Highlight is in Public Beta 🎉 (Read More)

Maximizing Our Machines: Worker Pools At Highlight

How should you think about pooling goroutines in your codebase? We go through an engineering scenario at Highlight and how we think about multiprocessing in Golang.

Maximizing Our Machines: Worker Pools At Highlight

Setting the scene

It’s Monday. We're starting to get reports from customers that they aren’t receiving new sessions. Just the week before, we brought on a new customer who produced more traffic than any other customer combined and we're finally starting to see the consequences. This overloaded our systems so the amount of data that we were processing wasn't keeping up with the queue.

Screen-Shot-2021-09-28-at-2.23.01-PM
Datadog Dashboard showing massive buildup to data to process

We needed to fix this, and fast. Customers weren’t getting value from our product.

A ray of hope

We noticed we weren’t using the resources in our servers to their fullest extent, so we decided to parallelize tasks at a larger scale than we’ve ever done.
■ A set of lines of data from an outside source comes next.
Lemma row_in_strict_partitions n : (0 < n)%N -> [:: n] \in strict_partitions n.
Proof.
move=> n_pos; rewrite mem_filter /is_strict_partition /= n_pos addn0 eqxx mem_undup.
apply/flatten_mapP; exists 1%N; first by rewrite mem_iota ltnS.
by apply/allpairsP; exists (n, [::]); rewrite mem_iota /= add1n ltnS leqnn n_pos.
Qed.

Lemma schurP_strict_e0 n l : l \in strict_partitions n.+1 ->
  (schurP n.+1 l).@[@e0 n] = (l == [:: n.+1])%:R.
Proof.
rewrite mem_filter => /andP[/and3P[_ l_pos /eqP sum_l] _].
case: l sum_l l_pos => [//|k [|k' l]] sum_l l_pos.
  by rewrite /= addn0 in sum_l; rewrite sum_l eqxx schurP_row_e0.
rewrite schurP_e0_eq0 //; last by rewrite -sum_l size_le_sumn.
by rewrite eqseq_cons andbF.
Qed.

Lemma schurV_odd_e0 n l : l \in odd_partitions n.+1 -> (schurV n.+1 l).@[@e0 n] = 1.
Proof.
rewrite mem_filter => /andP[/and3P[_ /allP l_odd _] _].
rewrite rmorph_prod big1_seq // => k /andP[_ /l_odd /andP[k_pos _]].
exact: schurP_row_e0.
Qed.

Unset Implicit Arguments.

Theorem lemma3p5 (n : nat) (a b : seq nat -> rat) :
  (0 < n)%N ->
  \sum_(l <- odd_partitions n) a l *: schurV n l
    = \sum_(l <- strict_partitions n) b l *: schurP n l ->
  \sum_(l <- odd_partitions n) a l = b [:: n].
Proof.
case: n => [//|n] n_pos /(congr1 (meval (@e0 n))); rewrite !raddf_sum /=.
under eq_big_seq => l l_odd do rewrite mevalZ schurV_odd_e0 // mulr1.
move=> ->; rewrite (bigD1_seq _ (row_in_strict_partitions n_pos) (uniq_strict_partitions _)).
rewrite /= big1_seq => [|l /andP[neq_l l_strict]].
  by rewrite mevalZ schurP_strict_e0 ?row_in_strict_partitions // eqxx mulr1 addr0.
by rewrite mevalZ schurP_strict_e0 // (negbTE neq_l) mulr0.
Qed.
Lemma wild_intertwiner_corner (A B A' B' : 'M[F]_n) (S : 'M[F]_N) :
  S *m P A' B' = P A B *m S -> S *m Q A' B' = Q A B *m S ->
  exists T, [/\ row5 1%:M 0 0 0 0 *m S = row5 T 0 0 0 0,
                A *m T = T *m A' & B *m T = T *m B'].
Proof.
move=> SP SQ.
have SPsub1 (Y : 'M[F]_(n, N)) : Y *m (P A B - 1%:M) *m S = Y *m S *m (P A' B' - 1%:M).
  by rewrite -!mulmxA mulmxBr mulmxBl SP mulmx1 mul1mx.
have SQr (Y : 'M[F]_(n, N)) : Y *m Q A B *m S = Y *m S *m Q A' B'.
  by rewrite -!mulmxA SQ.
have e3UU : row5 0 0 0 1%:M 0 *m (P A B - 1%:M) *m (P A B - 1%:M) = row5 1%:M 0 0 0 0.
  by rewrite !row5_mulPsub1 mul0mx !oppr0.
have e3UQ : row5 0 0 0 1%:M 0 *m (P A B - 1%:M) *m Q A B = row5 A 0 0 0 0.
  by rewrite row5_mulPsub1 row5_mulQ mul1mx !mul0mx oppr0.
have e3QQ : row5 0 0 0 1%:M 0 *m Q A B *m Q A B = row5 B 0 0 0 0.
  by rewrite !row5_mulQ mul1mx !mul0mx.
move: (row5_slots (row5 0 0 0 1%:M 0 *m S)).
set w3 := slot _ 3; set w4 := slot _ 4 => defW.
have e0S : row5 1%:M 0 0 0 0 *m S = row5 w3 0 0 0 w4.
  by rewrite -e3UU !SPsub1 defW !row5_mulPsub1 mul0mx !opprK.
have w4_0 : w4 = 0.
  have : row5 1%:M 0 0 0 0 *m Q A B *m S = 0.
    by rewrite row5_mulQ !mul0mx row5_0 mul0mx.
  by rewrite SQr e0S row5_mulQ !mul0mx -(row5_0 n) => /row5_inj[].
rewrite w4_0 in defW e0S; exists w3; split => //.
- have := row5_firstE A; rewrite -e3UQ => /(congr1 (mulmx^~ S)).
  rewrite SQr SPsub1 defW row5_mulPsub1 row5_mulQ -mulmxA e0S mul_row5 !mulmx0.
  by move/row5_inj => [].
- have := row5_firstE B; rewrite -e3QQ => /(congr1 (mulmx^~ S)).
  rewrite !SQr defW !row5_mulQ -mulmxA e0S mul_row5 !mulmx0.
  by move/row5_inj => [].
Qed.

Lemma wild_intertwiner_similar (A B A' B' : 'M[F]_n) (S : 'M[F]_N) :
  S \in unitmx -> S *m P A' B' = P A B *m S -> S *m Q A' B' = Q A B *m S ->
  similar_pairs A B A' B'.
Proof.
move=> S_unit SP SQ.
have [T [e0S AT BT]] := wild_intertwiner_corner SP SQ.
have [||T' [e0S' _ _]] := @wild_intertwiner_corner A' B' A B (invmx S).
- by rewrite -[LHS](mulmxK S_unit) -[X in X *m invmx S]mulmxA -SP mulKmx.
- by rewrite -[LHS](mulmxK S_unit) -[X in X *m invmx S]mulmxA -SQ mulKmx.
have T'T : T' *m T = 1%:M.
  have := mulmxKV S_unit (row5 1%:M 0 0 0 0).
  rewrite e0S' row5_firstE -mulmxA e0S mul_row5 !mulmx0.
  by move/row5_inj => [].
have [_ T_unit] := mulmx1_unit T'T.
by exists T => //; rewrite -!mulmxA AT BT !mulKmx.
Qed.

Lemma wild_no_swap (A B A' B' : 'M[F]_n) (S : 'M[F]_N) b c :
  (0 < n)%N -> S \in unitmx ->
  S *m P A' B' = b *: Q A B *m S -> S *m Q A' B' = c *: P A B *m S -> False.
Proof.
move=> n_gt0 S_unit SP SQ.
set e1 := row5 0 1%:M 0 0 0.
have e1S_fixQ : e1 *m S *m Q A' B' = e1 *m S.
  apply: wild_kerP_fixQ.
  by rewrite -mulmxA SP mulmxA -scalemxAr row5_mulQ !mul0mx row5_0 scaler0 mul0mx.
move: e1S_fixQ; rewrite -mulmxA SQ mulmxA => /(congr1 (mulmx^~ (invmx S))).
rewrite !mulmxK // -scalemxAr row5_mulP row5Z => /row5_inj[c0 c1 _ _ _].
rewrite add0r in c0; rewrite addr0 c0 in c1.
by move: (scalar1_neq0 F n_gt0); rewrite -c1 eqxx.
Qed.

Lemma wild_weak_coefficients (A B A' B' : 'M[F]_n) (S : 'M[F]_N) a b c d :
  (0 < n)%N -> S \in unitmx -> a * d - b * c != 0 ->
  P A' B' = invmx S *m (a *: P A B + b *: Q A B) *m S ->
  Q A' B' = invmx S *m (c *: P A B + d *: Q A B) *m S ->
  [/\ a = 1, b = 0, c = 0 & d = 1] \/ a = 0 /\ d = 0.
Proof.
move=> n_gt0 S_unit nzD defP defQ.
have spectrum (Z' : 'M[F]_(n, N)) l u :
    Z' != 0 -> Z' *m P A' B' = l *: Z' -> Z' *m Q A' B' = u *: Z' ->
    ((a * d - b * c)^-1 * (d * l - b * u), (a * d - b * c)^-1 * (a * u - c * l))
      \in [:: (1, 0); (0, 1)].
  move=> nzZ' Z'P Z'Q; set Z := Z' *m invmx S.
  have transfer M M' : M' = invmx S *m M *m S -> Z *m M = Z' *m M' *m invmx S.
    by move->; rewrite !mulmxA mulmxK.
  have ZX : Z *m (a *: P A B + b *: Q A B) = l *: Z.
    by rewrite (transfer _ _ defP) Z'P -scalemxAl.
  have ZY : Z *m (c *: P A B + d *: Q A B) = u *: Z.
    by rewrite (transfer _ _ defQ) Z'Q -scalemxAl.
  rewrite !mulmxDr -!scalemxAr in ZX ZY.
  have [ZP ZQ] := lincomb2_solve nzD ZX ZY.
  apply: wild_joint_eigen ZP ZQ; apply: contraNneq nzZ' => Z0.
  by rewrite -(mulmxKV S_unit Z') -/Z Z0 mul0mx.
have one_neq0 := scalar1_neq0 F n_gt0.
have h0 := @spectrum (row5 1%:M 0 0 0 0) 1 0.
have h4 := @spectrum (row5 0 0 0 0 1%:M) 0 1.
rewrite !row5_mulP !row5_mulQ !mul0mx !addr0 !scale1r !scale0r row5_0 in h0 h4.
rewrite !mulr1 !mulr0 !subr0 !sub0r in h0 h4.
apply: lincomb2_spectrum_cases nzD (h0 _ _ _) (h4 _ _ _) => //;
  by apply: contra_neq one_neq0; rewrite -(row5_0 n) => /row5_inj[].
Qed.

Lemma wild_weakly_similar_similar (A B A' B' : 'M[F]_n) : (0 < n)%N ->
  weakly_similar (P A B) (Q A B) (P A' B') (Q A' B') -> similar_pairs A B A' B'.
Proof.
move=> n_gt0 [S [a [b [c [d [S_unit nzD defP defQ]]]]]].
have intertwine M M' : M' = invmx S *m M *m S -> S *m M' = M *m S.
  by move->; rewrite !mulmxA mulmxV // mul1mx.
have SP := intertwine _ _ defP; have SQ := intertwine _ _ defQ.
have [[a1 b0 c0 d1] | [a0 d0]] := wild_weak_coefficients n_gt0 S_unit nzD defP defQ.
- rewrite a1 b0 scale1r scale0r addr0 in SP; rewrite c0 d1 scale1r scale0r add0r in SQ.
  exact: wild_intertwiner_similar S_unit SP SQ.
- rewrite a0 scale0r add0r in SP; rewrite d0 scale0r addr0 in SQ.
  by case: (wild_no_swap n_gt0 S_unit SP SQ).
Qed.

End WildPair.

Theorem theorem1 (F : fieldType) :
  wild_pair_problem (@commuting_pair F) (@weakly_similar F) /\
  ((exists x : F, x != 0 /\ x != 1) ->
   wild_pair_problem (@commuting_pair_nonsing F) (@weakly_similar F)).
Proof.
have similar_iff n (A B A' B' : 'M[F]_n) : (0 < n)%N ->
    weakly_similar (ncBlockEval (wild_M1 F) A B) (ncBlockEval (wild_M2 F) A B)
      (ncBlockEval (wild_M1 F) A' B') (ncBlockEval (wild_M2 F) A' B') <->
    similar_pairs A B A' B'.
  move=> n_gt0; split; first exact: wild_weakly_similar_similar.
  exact: similar_weakly_similar_ncBlockEval.
split.
  exists 5, (wild_M1 F), (wild_M2 F).
  by split=> [n A B _|]; [exact: wild_comm | exact: similar_iff].
move=> _; exists 5, (wild_M1 F), (wild_M2 F).
split=> [n A B _|]; last exact: similar_iff.
split; first exact: wild_comm.
by exists 1, 1; rewrite !scale1r; apply: wild_unit.
Qed.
Screen-Shot-2021-09-30-at-3.34.17-PM
AWS CloudWatch ECS CPU Usage Metrics

We couldn’t just spawn rogue goroutines because that could go out of control,  simultaneously making this code hard to track and overloading the resources in our machines. So, we needed a way to control the goroutines. We figured the easiest way to do this was with a worker pool.

In my search for a good worker pool package, I found https://github.com/gammazero/workerpool. It’s was clearly simple to use, well tested, and had most of the features we wanted, so we went with it. Using this package was as simple as adding the following code to our project:

// create workerpools
ProcessSessionWorkerPool := workerpool.New(40)

// submit task to process sessions
ProcessSessionWorkerPool.Submit(func() {
		processSession(ctx)
})

The Comeback

Once we added a worker pool to our backend, we noticed an immediate difference. With a worker pool of 40 goroutines, we were comfortable in our memory usage while quickly catching up with the queue of sessions. What was building up over the course of ~4 days quickly was processed in a matter of hours.

Screen-Shot-2021-09-28-at-2.55.47-PM
Datadog Dashboard showing us catching up to the huge queue of data to process

The Moral of the Story

Navigating this incident brought us a few key learnings:

  1. Take advantage of the resources in your machine. If your processes are running comfortably within the bounds of your machine, make changes to parallelize so your system won't be debilitated when you bring on a new, large customer.
  2. Instrument proper alerting that makes sense for your systems. If we had alerts set up for this type of overload, we would have been able to notice the lag over the weekend and push a fix before customers could realize our systems were behind.
  3. When onboarding large customers, have a follow-up workflow to make sure everything is running as it should post-onboarding.